**TASK TO COMPLETE:**
Output every line from the beginning of the records through the line that contains "by move=> /seg[Ot _]; apply/prodset_row_mx.", exactly as it appears.

**EXERCISE MATERIAL:**

Lemma slice_increment_bound_interior z y' h L eps : O y' ->
  (forall t, `|t| <= `|h| ->
     O (t *: evec R i + z) /\ `|G' (row_mx (t *: evec R i + z) y') - L| <= eps) ->
  `|G (row_mx (h *: evec R i + z) y') - G (row_mx z y') - h * L| <= eps * `|h|.
Proof.
move=> Oy' seg.
have P t : `|t| <= `|h| -> prodset O (row_mx (t *: evec R i + z) y').
  by move=> /seg[Ot _]; apply/prodset_row_mx.
have P0 : prodset O (row_mx z y') by move: (P 0); rewrite normr0 scale0r add0r; apply.
rewrite (GH (P h (lexx _))) (GH P0) row_mx_evec.
apply: (mvt_line_bound (F' := G')) => t /[dup] /P Pt /seg [_ bt].
by rewrite -row_mx_evec; split; [apply: dH | apply: DH | ].
Qed.

(* [y] may lie on the boundary of [O]: approximate it by [y'] in [O], apply the
   mean value theorem there, and pass to the limit using the continuity of [G]. *)
Lemma slice_increment_bound z y : closure O y -> O z ->
  forall eps, 0 < eps -> exists2 dl, 0 < dl & forall h : R, `|h| < dl ->
    `|G (row_mx (h *: evec R i + z) y) - G (row_mx z y) - h * G' (row_mx z y)|
      <= eps * `|h|.
Proof.
move=> Cy Oz eps eps0; set L := G' (row_mx z y).
have Cz := closure_prodset_row_mx (subset_closure Oz) Cy.
have [d1 d10 near_L] := (within_continuous_ballP _ _).1 cG' _ Cz eps eps0.
have [d2 d20 near_z] := (nbhs_ballP _ _).1 (Oo Oz).
exists (Num.min d1 d2) => [|h]; first by rewrite lt_min d10 d20.
rewrite lt_min => /andP[hd1 hd2].
have Ot t : `|t| <= `|h| -> O (t *: evec R i + z).
  by move=> th; apply/near_z/ball_add_evec/(le_lt_trans th hd2).
have Ch := closure_prodset_row_mx (subset_closure (Ot h (lexx _))) Cy.
apply/ler_addgt0Pr => eta eta0; have eta2 : 0 < eta / 2 by rewrite divr_gt0.
have [r1 r10 near_h] := (within_continuous_ballP _ _).1 cG _ Ch _ eta2.
have [r0 r00 near_0] := (within_continuous_ballP _ _).1 cG _ Cz _ eta2.
have /closure_ballP /(_ (Num.min d1 (Num.min r0 r1))) := Cy.
rewrite !lt_min d10 r00 r10 => /(_ isT) [y' [Oy' byy']].
have [by1 by0 byr1] : [/\ ball y d1 y', ball y r0 y' & ball y r1 y'].
  by split; apply: le_ball byy'; rewrite !ge_min lexx ?orbT.
have e1 : `|G (row_mx (h *: evec R i + z) y) - G (row_mx (h *: evec R i + z) y')|
    < eta / 2.
  apply: near_h; last exact: ball_row_mx (ballxx _ r10) byr1.
  by apply/subset_closure/prodset_row_mx; split; [apply: Ot|].
have e0 : `|G (row_mx z y) - G (row_mx z y')| < eta / 2.
  apply: near_0; last exact: ball_row_mx (ballxx _ r00) by0.
  exact/subset_closure/prodset_row_mx.
have inner : `|G (row_mx (h *: evec R i + z) y') - G (row_mx z y') - h * L|
    <= eps * `|h|.
  apply: slice_increment_bound_interior => // t th; split; first exact: Ot.
  rewrite distrC; apply/ltW/near_L.
    by apply/subset_closure/prodset_row_mx; split; [apply: Ot|].
  by apply: ball_row_mx by1; apply/ball_add_evec/(le_lt_trans th hd1).
have -> : G (row_mx (h *: evec R i + z) y) - G (row_mx z y) - h * L =
    (G (row_mx (h *: evec R i + z) y) - G (row_mx (h *: evec R i + z) y'))
    + (G (row_mx (h *: evec R i + z) y') - G (row_mx z y') - h * L)
    - (G (row_mx z y) - G (row_mx z y')) by ring.
apply: le_trans (ler_normB _ _) _; apply: le_trans (lerD (ler_normD _ _) (lexx _)) _.
by move: inner (ltW e1) (ltW e0); lra.
Qed.

Lemma is_derive_slice z y : closure O y -> O z ->
  is_derive z (evec R i) (fun a => G (row_mx a y)) (G' (row_mx z y)).
Proof.
by move=> Cy Oz; apply: is_derive_increment_bound; apply: slice_increment_bound.
Qed.

End SliceDerivative.

Section Cq.
Variables (R : realType) (n : nat) (O : set 'rV[R]_n) (q : nat).
Hypothesis Oo : open O.

Lemma dpart_eq_on (f g : 'rV[R]_n -> R) : (forall x, O x -> f x = g x) ->
  forall s x, O x -> dpart s f x = dpart s g x.
Proof.
move=> fg; elim => [|j s IH] x Ox /=; first exact: fg.
by apply: near_eq_derive; apply: filterS (Oo Ox) => t Ot; apply: IH.
Qed.

Lemma Cq_on_eq (f g : 'rV[R]_n -> R) :
  Cq_on O q f -> (forall x, closure O x -> f x = g x) -> Cq_on O q g.
Proof.
move=> [cf df gf] fg.
have fgO x : O x -> f x = g x by move=> /subset_closure; apply: fg.
split.
- by apply: (subspace_eq_continuous _ cf) => x; rewrite inE; apply: fg.
- move=> s i sq x Ox; apply: near_eq_derivable (df s i sq x Ox).
  by apply: filterS (Oo Ox) => t Ot; apply: dpart_eq_on.
- move=> s sq; have [h [ch eh]] := gf s sq; exists h; split => // x Ox.
  by rewrite eh // (dpart_eq_on fgO).
Qed.

Lemma Cq_onD (f g : 'rV[R]_n -> R) :
  Cq_on O q f -> Cq_on O q g -> Cq_on O q (fun z => f z + g z).
Proof.
move=> [cf df gf] [cg dg gg].
have dpartD s : (size s <= q)%N -> forall x, O x ->
    dpart s (fun z => f z + g z) x = dpart s f x + dpart s g x.
  elim: s => [|j s IH] sq x Ox //=.
  rewrite (near_eq_derive (g := dpart s f + dpart s g)); last first.
    by apply: filterS (Oo Ox) => t Ot; apply: IH (ltnW sq) t Ot.
  by rewrite deriveD //; [apply: df | apply: dg].
split.
- exact: within_continuousD.
- move=> s i sq x Ox; apply: (near_eq_derivable (f := dpart s f + dpart s g)).
    by apply: filterS (Oo Ox) => t Ot; rewrite dpartD // ltnW.
  by apply: derivableD; [apply: df | apply: dg].
- move=> s sq; have [h1 [c1 e1]] := gf s sq; have [h2 [c2 e2]] := gg s sq.
  exists (h1 + h2); split; first exact: within_continuousD.
  by move=> x Ox; rewrite dpartD // -e1 // -e2.
Qed.

Lemma Cq_onZ (c : R) (f : 'rV[R]_n -> R) :
  Cq_on O q f -> Cq_on O q (fun z => c * f z).
Proof.
move=> [cf df gf].
have cZ (h : 'rV[R]_n -> R) : {within closure O, continuous h} ->
    {within closure O, continuous (fun z => c * h z)}.
  by move=> ch x; apply: cvgM; [apply: cvg_cst | apply: ch].
have dpartZ s : (size s <= q)%N -> forall x, O x ->
    dpart s (fun z => c * f z) x = c * dpart s f x.
  elim: s => [|j s IH] sq x Ox //=.
  rewrite (near_eq_derive (g := c \*: dpart s f)); last first.
    by apply: filterS (Oo Ox) => t Ot; apply: IH (ltnW sq) t Ot.
  by rewrite deriveZ //; apply: df.
split.
- exact: cZ.
- move=> s i sq x Ox; apply: (near_eq_derivable (f := c \*: dpart s f)).
    by apply: filterS (Oo Ox) => t Ot; rewrite dpartZ // ltnW.
  by apply: derivableZ; apply: df.
- move=> s sq; have [h1 [c1 e1]] := gf s sq.
  exists (fun z => c * h1 z); split; first exact: cZ.
  by move=> x Ox; rewrite dpartZ // e1.
Qed.

Lemma Cq_on0 : Cq_on O q (fun _ => 0).
Proof.
have dpart0 s : dpart s (fun _ : 'rV[R]_n => 0 : R) = fun _ => 0.
  by elim: s => [|j s IH] //=; apply: funext => x; rewrite IH derive_cst.
have c0 : {within closure O, continuous (fun _ : 'rV[R]_n => 0 : R)}.
  exact/continuous_subspaceT/cst_continuous.
split => // [s i _ x _ | s _]; first by rewrite dpart0; apply: derivable_cst.
by exists (fun _ => 0); split => // x _; rewrite dpart0.
Qed.

Lemma Cq_on_sum (I : Type) (r : seq I) (F : I -> 'rV[R]_n -> R) :
  (forall i, Cq_on O q (F i)) -> Cq_on O q (fun z => \sum_(i <- r) F i z).
Proof.
move=> CF; elim: r => [|a r IH].
  by apply: (Cq_on_eq Cq_on0) => x _; rewrite big_nil.
by apply: (Cq_on_eq (Cq_onD (CF a) IH)) => x _; rewrite big_cons.
Qed.

Lemma dpart_slice (K : 'rV[R]_(n + n) -> R) y :
  Cq_on (prodset O) q K -> closure O y ->
  forall s g, (size s <= q)%N -> {within closure (prodset O), continuous g} ->
  (forall p, prodset O p -> g p = dpart (map (lshift n) s) K p) ->
  forall a, O a -> dpart s (fun b => K (row_mx b y)) a = g (row_mx a y).
Proof.
move=> [cK dK gK] Cy; elim => [|j s IH] g sq cg eg a Oa /=.
  have Ca := closure_prodset_row_mx (subset_closure Oa) Cy.
  by apply: (within_continuous_closure_eq cK cg) Ca => p /eg ->.
have sq' : (size (map (lshift n) s) <= q)%N by rewrite size_map ltnW.
have [g0 [cg0 eg0]] := gK _ sq'.
rewrite (near_eq_derive (g := fun b => g0 (row_mx b y))); last first.
  by apply: filterS (Oo Oa) => t Ot; apply: IH (ltnW sq) cg0 eg0 t Ot.
have sq'' : (size (map (lshift n) s) < q)%N by rewrite size_map.
by have [] := is_derive_slice Oo eg0 (fun p Pp => dK _ (lshift n j) sq'' p Pp)
  (fun p Pp => esym (eg p Pp)) cg0 cg Cy Oa.
Qed.
(* Let $\mathcal T$ be a TBox in which every axiom $\tau$ has the form $\forall G_1.A_1\sqcap\cdots\sqcap\forall G_n.A_n\sqsubseteq\forall H.B$ with $n\ge1$, regular role expressions $G_1,\dots,G_n,H$ and concept names $A_1,\dots,A_n,B$, and let $L,R$ be concept names. Let $\mathcal G_{\mathcal T}$ be the parity pushdown game constructed from $\mathcal T$, $L$, $R$ as described in the context. Then Eve wins $\mathcal G_{\mathcal T}$ from the configuration $(q_R,\bot_s)$ if and only if $L\sqsubseteq_{\mathcal T}R$.
   Context: Logic: $N_C$, $N_R$ are disjoint countably infinite sets of concept names and role names. Regular role expressions: $E ::= \emptyset \mid \varepsilon \mid r \mid (E+E) \mid (EE) \mid E^{*}$ ($r\in N_R$), languages $\mathcal L(E)\subseteq N_R^*$ as usual. Concept descriptions: $C ::= A \mid \top \mid (C\sqcap C) \mid \forall E.C$ ($A\in N_C$). An interpretation $\mathcal I$ has nonempty domain $\Delta^{\mathcal I}$, $A^{\mathcal I}\subseteq\Delta^{\mathcal I}$, $r^{\mathcal I}\subseteq(\Delta^{\mathcal I})^2$; $E^{\mathcal I}$ is the union over $r_1\cdots r_n\in\mathcal L(E)$ of $r_1^{\mathcal I}\circ\cdots\circ r_n^{\mathcal I}$ (identity for the empty word); $\top^{\mathcal I}=\Delta^{\mathcal I}$, $\sqcap$ is intersection, $(\forall E.C)^{\mathcal I}=\{x\mid y\in C^{\mathcal I}$ whenever $(x,y)\in E^{\mathcal I}\}$. $\mathcal I$ is a model of $\mathcal T$ if $K^{\mathcal I}\subseteq M^{\mathcal I}$ for every axiom $K\sqsubseteq M$ of $\mathcal T$; $L\sqsubseteq_{\mathcal T}R$ means $L^{\mathcal I}\subseteq R^{\mathcal I}$ in every model $\mathcal I$ of $\mathcal T$. Parity pushdown games: a game is $(P_A,P_E,\Gamma,\Delta,\Omega)$ with finite disjoint sets $P_A,P_E$ of control states of Adam and Eve ($P=P_A\cup P_E$), finite stack alphabet $\Gamma$, finite set of rules $\Delta\subseteq(P\times\Gamma^* )\times(P\times\Gamma^* )$, priority function $\Omega:P\to\mathbb N$. Configurations are pairs $(p,w)\in P\times\Gamma^*$ (top of stack = rightmost letter). For each rule $((p,\alpha),(q,\beta))\in\Delta$ and each $w\in\Gamma^*$ there is a move $(p,w\alpha)\to(q,w\beta)$. A play from $c$ is a maximal sequence of configurations starting in $c$ with consecutive elements related by $\to$ (infinite, or ending in a configuration with no move). A finite play is lost by the owner of the state of its last configuration; an infinite play is won by Eve iff the largest priority of states occurring infinitely often is even. A strategy of Eve assigns to every configuration with state in $P_E$ that has a move one of its successors; a play is consistent with it if Eve's moves follow it. Eve wins from $c$ if she has a strategy such that every play from $c$ consistent with it is won by Eve. Construction of $\mathcal G_{\mathcal T}$: let $\Sigma_C$ be the set of concept names occurring in $\mathcal T$ together with $L,R$, and $\Sigma_R$ the set of role names occurring in $\mathcal T$. Let $\Gamma=\Sigma_R\cup\{\bot_s\}$ with a fresh bottom symbol $\bot_s$. For each $A\in\Sigma_C$ there is an Eve state $q_A$. For each axiom $\tau=(\forall G_1.A_1\sqcap\cdots\sqcap\forall G_n.A_n\sqsubseteq\forall H.B)$ of $\mathcal T$ fix nondeterministic finite automata $\mathcal A_H=(Q_H,\Sigma_R,\delta_H,q_{H,0},F_H)$ with language $\mathcal L(H)$ and $\mathcal A_{G_i}=(Q_{G_i},\Sigma_R,\delta_{G_i},q_{G_i,0},F_{G_i})$ with language $\mathcal L(G_i)$, all state sets (over all axioms) pairwise disjoint and disjoint from the other game states. States of $\mathcal A_H$ are Eve states; $p_\tau$ and states of the $\mathcal A_{G_i}$ are Adam states. Rules for $\tau$: $((q_B,\varepsilon),(q,\varepsilon))$ for each $q\in F_H$; $((q,r),(p,\varepsilon))$ for each transition $p\xrightarrow{r}q$ of $\mathcal A_H$; $((q_{H,0},\varepsilon),(p_\tau,\varepsilon))$; and for each $i$: $((p_\tau,\varepsilon),(q_{G_i,0},\varepsilon))$, $((p,\varepsilon),(q,r))$ for each transition $p\xrightarrow{r}q$ of $\mathcal A_{G_i}$, and $((q,\varepsilon),(q_{A_i},\varepsilon))$ for each $q\in F_{G_i}$. Additionally there is an Adam state $p_{\mathrm{win}}$ with the single rule $((q_L,\bot_s),(p_{\mathrm{win}},\bot_s))$ (and no rule leaving $p_{\mathrm{win}}$). $\Omega(p)=0$ for $p\in P_A$ and $\Omega(p)=1$ for $p\in P_E$. *)

From Stdlib Require Import List Arith.
Import ListNotations.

**ANSWER BELOW:**
Lemma slice_increment_bound_interior z y' h L eps : O y' ->
  (forall t, `|t| <= `|h| ->
     O (t *: evec R i + z) /\ `|G' (row_mx (t *: evec R i + z) y') - L| <= eps) ->
  `|G (row_mx (h *: evec R i + z) y') - G (row_mx z y') - h * L| <= eps * `|h|.
Proof.
move=> Oy' seg.
have P t : `|t| <= `|h| -> prodset O (row_mx (t *: evec R i + z) y').
  by move=> /seg[Ot _]; apply/prodset_row_mx.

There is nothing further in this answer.